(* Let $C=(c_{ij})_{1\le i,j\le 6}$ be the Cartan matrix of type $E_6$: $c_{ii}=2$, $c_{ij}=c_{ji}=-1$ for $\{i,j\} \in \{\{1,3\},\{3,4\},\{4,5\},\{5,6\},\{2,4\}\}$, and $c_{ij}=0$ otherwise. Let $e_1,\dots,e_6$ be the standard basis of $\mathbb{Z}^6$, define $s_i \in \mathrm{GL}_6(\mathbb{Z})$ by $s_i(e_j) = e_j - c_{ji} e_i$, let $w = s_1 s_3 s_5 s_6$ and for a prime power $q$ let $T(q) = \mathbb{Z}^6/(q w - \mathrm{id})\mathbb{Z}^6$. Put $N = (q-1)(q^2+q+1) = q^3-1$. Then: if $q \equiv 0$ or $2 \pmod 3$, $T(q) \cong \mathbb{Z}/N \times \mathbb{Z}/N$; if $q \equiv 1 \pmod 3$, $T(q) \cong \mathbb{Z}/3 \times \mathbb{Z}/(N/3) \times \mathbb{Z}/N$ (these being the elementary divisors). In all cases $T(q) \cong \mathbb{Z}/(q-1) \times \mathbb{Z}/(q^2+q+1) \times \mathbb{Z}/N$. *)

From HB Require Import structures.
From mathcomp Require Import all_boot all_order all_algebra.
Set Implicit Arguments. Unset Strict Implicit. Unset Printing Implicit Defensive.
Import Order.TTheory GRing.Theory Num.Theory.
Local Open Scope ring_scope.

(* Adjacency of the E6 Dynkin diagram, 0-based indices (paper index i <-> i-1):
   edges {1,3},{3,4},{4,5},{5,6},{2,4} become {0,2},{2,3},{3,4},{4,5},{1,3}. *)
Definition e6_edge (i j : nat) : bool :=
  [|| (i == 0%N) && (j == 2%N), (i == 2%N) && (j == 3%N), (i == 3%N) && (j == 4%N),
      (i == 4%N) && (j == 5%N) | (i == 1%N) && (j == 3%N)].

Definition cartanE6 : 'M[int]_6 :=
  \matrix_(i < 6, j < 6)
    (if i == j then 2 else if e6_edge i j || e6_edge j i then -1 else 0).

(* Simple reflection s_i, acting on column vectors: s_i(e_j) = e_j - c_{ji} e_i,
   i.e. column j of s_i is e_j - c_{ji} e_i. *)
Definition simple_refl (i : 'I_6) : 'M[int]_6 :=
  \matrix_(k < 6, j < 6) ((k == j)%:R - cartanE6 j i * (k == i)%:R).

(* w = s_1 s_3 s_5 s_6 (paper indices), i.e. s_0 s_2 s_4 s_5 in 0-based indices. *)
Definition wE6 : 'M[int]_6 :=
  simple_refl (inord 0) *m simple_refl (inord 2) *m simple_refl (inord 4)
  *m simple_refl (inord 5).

==

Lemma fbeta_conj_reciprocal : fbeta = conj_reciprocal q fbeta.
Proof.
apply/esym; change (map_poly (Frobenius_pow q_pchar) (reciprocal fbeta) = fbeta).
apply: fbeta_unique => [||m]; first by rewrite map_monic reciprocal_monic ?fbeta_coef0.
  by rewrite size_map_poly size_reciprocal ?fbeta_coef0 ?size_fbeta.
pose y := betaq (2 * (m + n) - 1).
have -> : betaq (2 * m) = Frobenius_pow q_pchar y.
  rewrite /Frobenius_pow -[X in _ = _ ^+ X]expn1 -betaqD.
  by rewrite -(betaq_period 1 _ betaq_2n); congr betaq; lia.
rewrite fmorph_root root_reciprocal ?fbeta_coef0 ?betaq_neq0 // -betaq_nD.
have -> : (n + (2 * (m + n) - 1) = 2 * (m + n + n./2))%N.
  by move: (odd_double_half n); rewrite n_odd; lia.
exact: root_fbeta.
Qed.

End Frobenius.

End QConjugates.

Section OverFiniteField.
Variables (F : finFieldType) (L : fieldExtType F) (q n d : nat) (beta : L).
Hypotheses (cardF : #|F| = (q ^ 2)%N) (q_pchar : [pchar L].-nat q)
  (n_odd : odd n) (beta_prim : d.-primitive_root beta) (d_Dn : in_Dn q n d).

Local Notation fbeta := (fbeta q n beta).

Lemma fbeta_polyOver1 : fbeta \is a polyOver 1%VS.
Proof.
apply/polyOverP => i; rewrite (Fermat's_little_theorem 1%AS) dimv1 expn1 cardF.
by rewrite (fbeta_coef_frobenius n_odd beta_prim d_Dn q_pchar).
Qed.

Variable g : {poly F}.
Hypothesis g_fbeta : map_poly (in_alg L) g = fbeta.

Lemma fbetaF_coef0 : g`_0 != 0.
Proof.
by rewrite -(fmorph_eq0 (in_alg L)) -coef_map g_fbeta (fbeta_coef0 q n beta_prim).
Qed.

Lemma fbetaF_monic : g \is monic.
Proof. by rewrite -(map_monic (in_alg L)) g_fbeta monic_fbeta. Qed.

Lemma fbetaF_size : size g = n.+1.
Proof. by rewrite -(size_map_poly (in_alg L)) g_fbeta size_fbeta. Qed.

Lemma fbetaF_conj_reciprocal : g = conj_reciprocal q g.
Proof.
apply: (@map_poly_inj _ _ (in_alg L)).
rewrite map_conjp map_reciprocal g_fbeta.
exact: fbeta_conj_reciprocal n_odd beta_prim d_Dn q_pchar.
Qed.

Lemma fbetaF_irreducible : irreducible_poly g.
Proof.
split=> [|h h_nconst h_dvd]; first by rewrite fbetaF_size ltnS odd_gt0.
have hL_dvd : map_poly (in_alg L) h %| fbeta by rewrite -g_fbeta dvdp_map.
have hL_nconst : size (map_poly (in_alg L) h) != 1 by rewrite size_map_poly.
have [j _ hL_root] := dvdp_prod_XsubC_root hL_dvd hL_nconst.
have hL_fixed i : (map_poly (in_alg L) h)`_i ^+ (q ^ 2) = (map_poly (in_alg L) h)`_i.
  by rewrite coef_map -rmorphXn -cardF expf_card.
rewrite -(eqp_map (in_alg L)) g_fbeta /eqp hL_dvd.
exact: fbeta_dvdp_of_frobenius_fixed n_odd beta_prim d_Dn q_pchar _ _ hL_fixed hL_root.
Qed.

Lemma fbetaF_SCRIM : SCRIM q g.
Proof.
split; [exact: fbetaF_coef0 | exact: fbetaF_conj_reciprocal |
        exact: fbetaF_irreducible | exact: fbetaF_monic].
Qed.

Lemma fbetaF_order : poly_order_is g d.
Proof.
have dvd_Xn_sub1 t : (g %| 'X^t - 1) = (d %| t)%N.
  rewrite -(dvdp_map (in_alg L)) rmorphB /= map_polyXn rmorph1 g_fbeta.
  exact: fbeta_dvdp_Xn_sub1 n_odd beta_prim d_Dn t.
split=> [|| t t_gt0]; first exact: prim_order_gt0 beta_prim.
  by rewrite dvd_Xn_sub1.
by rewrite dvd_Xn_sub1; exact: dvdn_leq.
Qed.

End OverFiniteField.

• Work instruction
Retype only the stretch of lines above starting at the one with "by move: (odd_double_half" and stopping at the one with "apply: (@map_poly_inj _ _ (in_alg L)).", exactly as written, with both kept.

• Answer section
  by move: (odd_double_half n); rewrite n_odd; lia.
exact: root_fbeta.
Qed.

End Frobenius.

End QConjugates.

Section OverFiniteField.
Variables (F : finFieldType) (L : fieldExtType F) (q n d : nat) (beta : L).
Hypotheses (cardF : #|F| = (q ^ 2)%N) (q_pchar : [pchar L].-nat q)
  (n_odd : odd n) (beta_prim : d.-primitive_root beta) (d_Dn : in_Dn q n d).

Local Notation fbeta := (fbeta q n beta).

Lemma fbeta_polyOver1 : fbeta \is a polyOver 1%VS.
Proof.
apply/polyOverP => i; rewrite (Fermat's_little_theorem 1%AS) dimv1 expn1 cardF.
by rewrite (fbeta_coef_frobenius n_odd beta_prim d_Dn q_pchar).
Qed.

Variable g : {poly F}.
Hypothesis g_fbeta : map_poly (in_alg L) g = fbeta.

Lemma fbetaF_coef0 : g`_0 != 0.
Proof.
by rewrite -(fmorph_eq0 (in_alg L)) -coef_map g_fbeta (fbeta_coef0 q n beta_prim).
Qed.

Lemma fbetaF_monic : g \is monic.
Proof. by rewrite -(map_monic (in_alg L)) g_fbeta monic_fbeta. Qed.

Lemma fbetaF_size : size g = n.+1.
Proof. by rewrite -(size_map_poly (in_alg L)) g_fbeta size_fbeta. Qed.

Lemma fbetaF_conj_reciprocal : g = conj_reciprocal q g.
Proof.
apply: (@map_poly_inj _ _ (in_alg L)).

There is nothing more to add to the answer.